# Restoring 37 Elgin?



## 1937 Elgin (Dec 23, 2014)

Hello All,

When it comes to Paint? Keep Original or Re-paint? Any thoughts? Do's and don'ts on cleaning and or preserving?

Rich


----------



## RustyK (Dec 23, 2014)

Orig!


----------



## Robertriley (Dec 23, 2014)

It's only original once!


----------



## 1937 Elgin (Dec 23, 2014)

Would a clear coat help protect it or commando all the way?


----------



## ThegoodThebad&Therusty (Dec 23, 2014)

Commando, if you CC it, it ain't original anymore. 

Wax on, wax off ...

pap
.


----------



## ThegoodThebad&Therusty (Dec 23, 2014)

I mean does _this_ look original to anyone ? ...







pap
.


----------



## pedal_junky (Dec 23, 2014)

Yep. Keep as is. It's bad ass.


----------



## Freqman1 (Dec 23, 2014)

I agree with the others in regards to keeping what you have original. That said just realize you are going to be way upside down financially on this bike if you restore it to original. Building a bike from parts is never the most economical way to go. V/r Shawn


----------



## 1937 Elgin (Dec 23, 2014)

ThegoodThebad&Therusty said:


> I mean does _this_ look original to anyone ? ...
> 
> View attachment 187144
> 
> ...






Thanks Pap & Frank

Commando it is.


----------



## ThegoodThebad&Therusty (Dec 24, 2014)

Now i'm wondering, wasn't that bike supposed to have truss rods ? I think it did, and if so the forks should have had two support extensions up top that aren't there on the forks.
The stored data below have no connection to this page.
(* Let $f$ be a scaling function and let $(\sigma_j)_{j\in\mathbb{N}}$ be a sequence of permutations with $|\sigma_j|\to\infty$ that converges at scale $f$ to the increasing limit, i.e. $\rho_{f}(\pi,\sigma_j)\to1$ if $\pi$ is an increasing permutation $12\dots k$ and $\rho_f(\pi,\sigma_j)\to0$ for every other permutation $\pi$. Then for every constant $c\in(0,1)$, the sequence $(\sigma_j)$ also converges at scale $cf$ to the increasing limit.
   Context: A scaling function is a function $f:\mathbb{N}\to\mathbb{R}^+$ with $f(n)\le n$ for all $n$, $f(n)\to\infty$ and $f(n)/n\to 0$. An occurrence of a pattern $\pi\in S_k$ in $\sigma\in S_n$ is a $k$-element set of indices $i_1<\dots<i_k$ such that $\sigma(i_1)\dots\sigma(i_k)$ is order-isomorphic to $\pi$; its width is $i_k-i_1+1$. For real $f\in[k,n]$, $\rho_f(\pi,\sigma)$ is the number of occurrences of $\pi$ in $\sigma$ of width at most $f$ divided by the number of $k$-element subsets of $[n]$ of width at most $f$, and $\rho_f(\pi,\sigma_j)$ means $\rho_{f(|\sigma_j|)}(\pi,\sigma_j)$. Convergence at scale $g$ to $\Xi$ means $\rho_{g(|\sigma_j|)}(\pi,\sigma_j)\to\Xi_\pi$ for every permutation $\pi$. *)

From HB Require Import structures.
From mathcomp Require Import all_boot all_order all_algebra all_fingroup.
From mathcomp Require Import all_classical all_reals all_analysis.
Set Implicit Arguments. Unset Strict Implicit. Unset Printing Implicit Defensive.
Import Order.TTheory GRing.Theory Num.Theory.
Import numFieldNormedType.Exports.
Local Open Scope classical_set_scope.
Local Open Scope ring_scope.

(* An occurrence of a pattern of length k in sigma in S_n is a k-element set of
   indices i_1 < ... < i_k; we encode it by the strictly increasing map
   g : 'I_k -> 'I_n, a |-> i_(a+1) (bijective with k-element subsets). *)
Definition incr_map (k n : nat) (g : {ffun 'I_k -> 'I_n}) : bool :=
  [forall a : 'I_k, forall b : 'I_k, (a < b)%N ==> (g a < g b)%N].

Definition width (k n : nat) (g : {ffun 'I_k.+1 -> 'I_n}) : nat :=
  ((g ord_max) - (g ord0)).+1.

Definition order_iso (k n : nat) (pi : 'S_k) (sigma : 'S_n)
  (g : {ffun 'I_k -> 'I_n}) : bool :=
  [forall a : 'I_k, forall b : 'I_k,
     ((sigma (g a) < sigma (g b))%N == (pi a < pi b)%N)].

Definition rho (R : realType) (k n : nat) (pi : 'S_k.+1) (sigma : 'S_n) (x : R) : R :=
  (#|[set g : {ffun 'I_k.+1 -> 'I_n} |
       [&& incr_map g, order_iso pi sigma g & ((width g)%:R <= x)]]|)%:R /
  (#|[set g : {ffun 'I_k.+1 -> 'I_n} | incr_map g && ((width g)%:R <= x)]|)%:R.

Definition scaling_function (R : realType) (f : nat -> R) : Prop :=
  [/\ (forall n : nat, (0 < n)%N -> 0 < f n),
      (forall n : nat, (0 < n)%N -> f n <= n%:R),
      f @ \oo --> +oo &
      (fun n : nat => f n / n%:R) @ \oo --> 0].

Definition incr_limit (R : realType) (k : nat) (pi : 'S_k.+1) : R :=
  if pi == 1%g then 1 else 0.

Definition converges_at_scale (R : realType) (g : nat -> R) (sz : nat -> nat)
  (sigma : forall j : nat, 'S_(sz j)) (Xi : forall k : nat, 'S_k.+1 -> R) : Prop :=
  forall (k : nat) (pi : 'S_k.+1),
    (fun j : nat => rho pi (sigma j) (g (sz j))) @ \oo --> Xi k pi.

From HB Require Import structures.
From mathcomp Require Import all_boot all_order all_algebra all_fingroup.
From mathcomp Require Import all_classical all_reals all_analysis.
From mathcomp Require Import zify ring lra.
Import Order.TTheory GRing.Theory Num.Theory.
Import numFieldNormedType.Exports.

(* Write T_n(W) for the number of increasing index maps g : [k+1] -> [n] of
   width at most W (the "windows" counted in the denominator of rho), and
   C_n(P, W) for those of them that moreover satisfy a property P, e.g. being
   an occurrence of pi.  Then rho_x(pi, sigma) = C_n(occ pi, |x|) / T_n(|x|).

   The whole proof rests on a counting estimate: for 0 < c < 1 and
   2(k+1) <= cF <= cn,   T_n(F) <= B * T_n(cF)   with B = (2(k+1)/c)^k/(1-c)
   depending only on k and c.  It follows from the upper bound
   T_n(W) <= n W^k (choose the first index and k offsets below W) and the
   lower bound T_n(W) >= (n - (k+1)m) m^k when (k+1)m <= W (place the k+1
   indices in consecutive blocks of length m).  Since C_n(P, .) is monotone,
   the density of any property P at scale cF is then at most B times its
   density at scale F.  Applied to "occurrence of pi" this transfers the
   limit 0, applied to its complement it transfers the limit 1. *)

Lemma incr_map_le (k n : nat) (g : {ffun 'I_k -> 'I_n}) (a b : 'I_k) :
  incr_map g -> (a <= b)%N -> (g a <= g b)%N.
Proof.
move=> /forallP g_incr; rewrite leq_eqVlt => /orP[/eqP/val_inj -> // | lt_ab].
by have /forallP/(_ b)/implyP/(_ lt_ab)/ltnW := g_incr a.
Qed.
Arguments incr_map_le {k n g a b}.

Lemma euclid_unique (m q1 r1 q2 r2 : nat) : (r1 < m)%N -> (r2 < m)%N ->
  m * q1 + r1 = m * q2 + r2 -> q1 = q2 /\ r1 = r2.
Proof.
move=> r1_lt r2_lt E; have m_gt0 : (0 < m)%N by apply: leq_ltn_trans r1_lt.
have := congr1 (divn^~ m) E.
rewrite /= !(mulnC m) !divnMDl // !divn_small // !addn0 => q12.
by split=> //; move: E; rewrite q12 => /addnI.
Qed.
Arguments euclid_unique {m q1 r1 q2 r2}.

Section WindowCounts.
Variables k n : nat.

Definition wcount (P : pred {ffun 'I_k.+1 -> 'I_n}) (W : nat) : nat :=
  #|[set g | [&& incr_map g, P g & (width g <= W)%N]]|.

Definition wtotal (W : nat) : nat := wcount predT W.

Lemma wcount_mono (P : pred {ffun 'I_k.+1 -> 'I_n}) (W W' : nat) :
  (W <= W')%N -> (wcount P W <= wcount P W')%N.
Proof.
move=> le_WW'; apply: subset_leq_card; apply/fintype.subsetP => g; rewrite !inE.
by case/and3P => -> -> /leq_trans->.
Qed.

Lemma wcount_compl (P : pred {ffun 'I_k.+1 -> 'I_n}) (W : nat) :
  (wcount P W + wcount (predC P) W)%N = wtotal W.
Proof.
rewrite /wtotal /wcount -[RHS](cardsID [set g | P g]); congr (_ + _)%N;
  apply: eq_card => g; rewrite !inE;
  by case: (incr_map g) (P g) (width g <= W)%N => [] [] [].
Qed.

(* Upper bound: a map of width at most W is determined by its first index
   and by the k offsets of the remaining indices, all smaller than W. *)
Lemma wtotal_upper (W : nat) : (wtotal W <= n * W ^ k)%N.
Proof.
case: W => [|W].
  suff -> : wtotal 0 = 0%N by [].
  apply/eqP; rewrite cards_eq0; apply/eqP/setP => g.
  by rewrite !inE /width ltn0 !andbF.
pose code (g : {ffun 'I_k.+1 -> 'I_n}) :=
  (g ord0, [ffun a : 'I_k => (inord (g (lift ord0 a) - g ord0) : 'I_W.+1)]).
have offset_small g b : g \in [set g | [&& incr_map g, predT g & (width g <= W.+1)%N]] ->
    (g (lift ord0 b) - g ord0 < W.+1)%N.
  rewrite inE /width => /and3P[g_incr _ g_width]; apply: leq_ltn_trans g_width.
  by apply: leq_sub2r; apply: (incr_map_le g_incr); rewrite -ltnS.
rewrite /wtotal /wcount -(card_in_imset (f := code)).
  by apply: leq_trans (max_card _) _; rewrite card_prod card_ffun !card_ord.
move=> g1 g2 G1 G2 [e0 e]; apply/ffunP => a.
case: (unliftP ord0 a) => [b ->|->]; last by rewrite e0.
have := congr1 (fun h : {ffun 'I_k -> 'I_W.+1} => nat_of_ord (h b)) e.
rewrite !ffunE /= !inordK ?offset_small //.
move: G1 G2; rewrite !inE => /and3P[i1 _ _] /and3P[i2 _ _].
have h1 := incr_map_le i1 (leq0n (lift ord0 b) : (@ord0 k <= _)%N).
have h2 := incr_map_le i2 (leq0n (lift ord0 b) : (@ord0 k <= _)%N).
by move=> E; apply: ord_inj; rewrite -(subnK h1) -(subnK h2) E e0.
Qed.

Lemma block_pos_lt {m s a h : nat} : (h < m)%N -> (a <= k)%N -> (s < n %/ m - k)%N ->
  (m * (s + a) + h < n)%N.
Proof.
move=> hm ak sS; have nq := leq_divM n m.
have : (m * (s + a).+1 <= m * (n %/ m))%N by rewrite leq_mul2l; apply/orP; right; lia.
nia.
Qed.

(* Block construction: choosing a starting block s < n %/ m - k and one
   position in each of the blocks s, ..., s+k gives distinct increasing maps
   of width at most (k+1)m. *)
Lemma wtotal_blocks {m W : nat} : (0 < m)%N -> (k.+1 * m <= W)%N ->
  ((n %/ m - k) * m ^ k.+1 <= wtotal W)%N.
Proof.
move=> m_gt0 mW; set S := (n %/ m - k)%N.
pose embed (p : 'I_S * {ffun 'I_k.+1 -> 'I_m}) : {ffun 'I_k.+1 -> 'I_n} :=
  [ffun a => Ordinal (block_pos_lt (ltn_ord (p.2 a)) (leq_ord a) (ltn_ord p.1))].
have embed_inj : injective embed.
  move=> [s1 h1] [s2 h2] /ffunP E.
  have Ea (a : 'I_k.+1) : m * (s1 + a) + h1 a = m * (s2 + a) + h2 a.
    by have := congr1 val (E a); rewrite !ffunE.
  have [es _] := euclid_unique (ltn_ord _) (ltn_ord _) (Ea ord0).
  have -> : s1 = s2 by apply: val_inj; move: es => /=; lia.
  congr pair; apply/ffunP => a; apply: ord_inj.
  by have [_ ->] := euclid_unique (ltn_ord _) (ltn_ord _) (Ea a).
have -> : (S * m ^ k.+1 = #|embed @: [set: 'I_S * {ffun 'I_k.+1 -> 'I_m}]|)%N.
  by rewrite card_imset // cardsT card_prod card_ffun !card_ord.
apply: subset_leq_card; apply/fintype.subsetP => _ /imsetP[[s h] _ ->].
rewrite inE /=; apply/andP; split.
  apply/forallP => a; apply/forallP => b; apply/implyP => ab.
  rewrite !ffunE /=; have ha := ltn_ord (h a).
  have : (m * (s + a).+1 <= m * (s + b))%N by rewrite leq_mul2l; lia.
  rewrite mulnS; move: ha.
  move: (m * (s + a))%N (m * (s + b))%N (nat_of_ord (h a)) (nat_of_ord (h b)); lia.
rewrite /width !ffunE /= addn0; have := ltn_ord (h ord_max).
rewrite mulnDr; move: mW; rewrite mulSn (mulnC k).
move: (m * s)%N (m * k)%N (nat_of_ord (h ord_max)) (nat_of_ord (h ord0)); lia.
Qed.

Lemma wtotal_lower (m W : nat) : (0 < m)%N -> (k.+1 * m <= W)%N ->
  ((n - k.+1 * m) * m ^ k <= wtotal W)%N.
Proof.
move=> m_gt0 mW; apply: leq_trans (wtotal_blocks m_gt0 mW).
rewrite expnS mulnA leq_mul2r; apply/orP; right.
have := ltn_mod n m; rewrite m_gt0 => /idP r_lt.
have := divn_eq n m; rewrite mulnBl mulSn.
move: r_lt; move: (n %/ m * m)%N (n %% m)%N (k * m)%N => x y z; lia.
Qed.
End WindowCounts.

Arguments wcount {k n}.
Arguments wcount_mono {k n} P {W W'}.
Arguments wcount_compl {k n}.

Section RescalingDensities.
Context {R : realType}.
Local Open Scope classical_set_scope.
Local Open Scope ring_scope.

Lemma wtotal_ratio (k n m W W' : nat) (c D : R) :
  0 < c < 1 -> (0 < m)%N -> (k.+1 * m <= W')%N -> (k.+1 * m)%:R <= c * n%:R ->
  (0 < n)%N -> 0 <= D -> W%:R <= D * m%:R ->
  (0 < wtotal k n W')%N /\ (wtotal k n W)%:R <= D ^+ k / (1 - c) * (wtotal k n W')%:R.
Proof.
move=> /andP[c_gt0 c_lt1] m_gt0 mW' m_le_cn n_gt0 D_ge0 W_le.
have m_le_n : (k.+1 * m <= n)%N.
  by rewrite -(ler_nat R); apply: le_trans m_le_cn _; rewrite ler_piMl // ltW.
have lower : (1 - c) * n%:R * m%:R ^+ k <= (wtotal k n W')%:R.
  apply: le_trans (_ : ((n - k.+1 * m) * m ^ k)%N%:R <= _); last first.
    by rewrite ler_nat wtotal_lower.
  rewrite natrM natrX (natrB _ m_le_n); apply: ler_wpM2r; rewrite ?exprn_ge0 //; lra.
have upper : (wtotal k n W)%:R <= n%:R * (D * m%:R) ^+ k.
  apply: le_trans (_ : (n * W ^ k)%N%:R <= _); first by rewrite ler_nat wtotal_upper.
  by rewrite natrM natrX ler_wpM2l // lerXn2r // ?nnegrE ?mulr_ge0.
have lower_gt0 : 0 < (1 - c) * n%:R * m%:R ^+ k.
  by rewrite !mulr_gt0 ?subr_gt0 ?ltr0n ?exprn_gt0 ?ltr0n.
split; first by rewrite -(ltr0n R); apply: lt_le_trans lower.
apply: le_trans upper _.
have -> : n%:R * (D * m%:R) ^+ k = D ^+ k / (1 - c) * ((1 - c) * n%:R * m%:R ^+ k).
  by rewrite exprMn; field; rewrite subr_eq0 gt_eqF.
by rewrite ler_wpM2l // divr_ge0 ?exprn_ge0 // subr_ge0 ltW.
Qed.

Definition rescale_const (k : nat) (c : R) : R := (2 * k.+1%:R / c) ^+ k / (1 - c).

(* The counting estimate T_n(F) <= B T_n(cF), obtained from wtotal_ratio
   with block length m = |cF| %/ (k+1); the assumption 2(k+1) <= cF makes
   m positive and F <= (2(k+1)/c) m. *)
Lemma wtotal_rescale {k n : nat} {c F : R} :
  0 < c < 1 -> (0 < n)%N -> F <= n%:R -> 2 * k.+1%:R <= c * F ->
  (0 < wtotal k n (Num.truncn (c * F)))%N /\
  (wtotal k n (Num.truncn F))%:R <= rescale_const k c * (wtotal k n (Num.truncn (c * F)))%:R.
Proof.
move=> c01 n_gt0 F_le_n cF_big; have /andP[c_gt0 c_lt1] := c01.
have k_gt0 : 0 < k.+1%:R :> R by rewrite ltr0n.
have cF_gt0 : 0 < c * F by apply: lt_le_trans cF_big; rewrite mulr_gt0.
have F_gt0 : 0 < F by rewrite -(pmulr_rgt0 _ c_gt0).
set W' := Num.truncn (c * F); set m := (W' %/ k.+1)%N.
have W'_le : W'%:R <= c * F by rewrite truncn_le ltW.
have cF_lt : c * F < (m.+1 * k.+1)%N%:R.
  apply: lt_le_trans (truncnS_gt _) _; rewrite ler_nat; exact: ltn_ceil.
have m_big : c * F / 2 < k.+1%:R * m%:R.
  by move: cF_lt; rewrite natrM -natr1; nra.
have m_gt0 : (0 < m)%N.
  by rewrite lt0n; apply/negP => /eqP m0; move: m_big; rewrite m0 mulr0; nra.
have mW' : (k.+1 * m <= W')%N by rewrite mulnC leq_divM.
rewrite /rescale_const; apply: (@wtotal_ratio k n m) => //.
- apply: le_trans (_ : W'%:R <= _); first by rewrite ler_nat.
  by apply: le_trans W'_le _; rewrite ler_pM2l.
- by rewrite divr_ge0 ?mulr_ge0 // ltW.
- apply: le_trans (_ : F <= _); first by rewrite truncn_le ltW.
  by rewrite mulrAC ler_pdivlMr //; nra.
Qed.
Rich, does it look like something was cut off of the front on the top of the forks on what you have there ?

pap
.


----------



## Nickinator (Dec 24, 2014)

Here is the pictures rear duck tail is messed up but no gashes or cuts in the metal so it can be bent back to normal
Nick.


----------



## 1937 Elgin (Dec 24, 2014)

ThegoodThebad&Therusty said:


> Now i'm wondering, wasn't that bike supposed to have truss rods ? I think it did, and if so the forks should have had two support extensions up top that aren't there on the forks.
> 
> Rich, does it look like something was cut off of the front on the top of the forks on what you have there ?
> 
> ...




I was wondering the same... Was there much/any variance between full size models?

Rich


----------



## ThegoodThebad&Therusty (Dec 24, 2014)

"full sized" ?   

Wait ! is this a 24" frame ?

pap
.


----------



## 1937 Elgin (Dec 24, 2014)

ThegoodThebad&Therusty said:


> "full sized" ?
> 
> Wait ! is this a 24" frame ?
> 
> ...




26" for sure.


----------



## ThegoodThebad&Therusty (Dec 25, 2014)

OK, good images there ...

Well you've got to formulate a concept of what you want this project to become, you want a stripprd down bobber with "phat" tires and a raunchy saddle or something more correct with fenders, A chain guard and standard size balloon tires ? 

pap
.


----------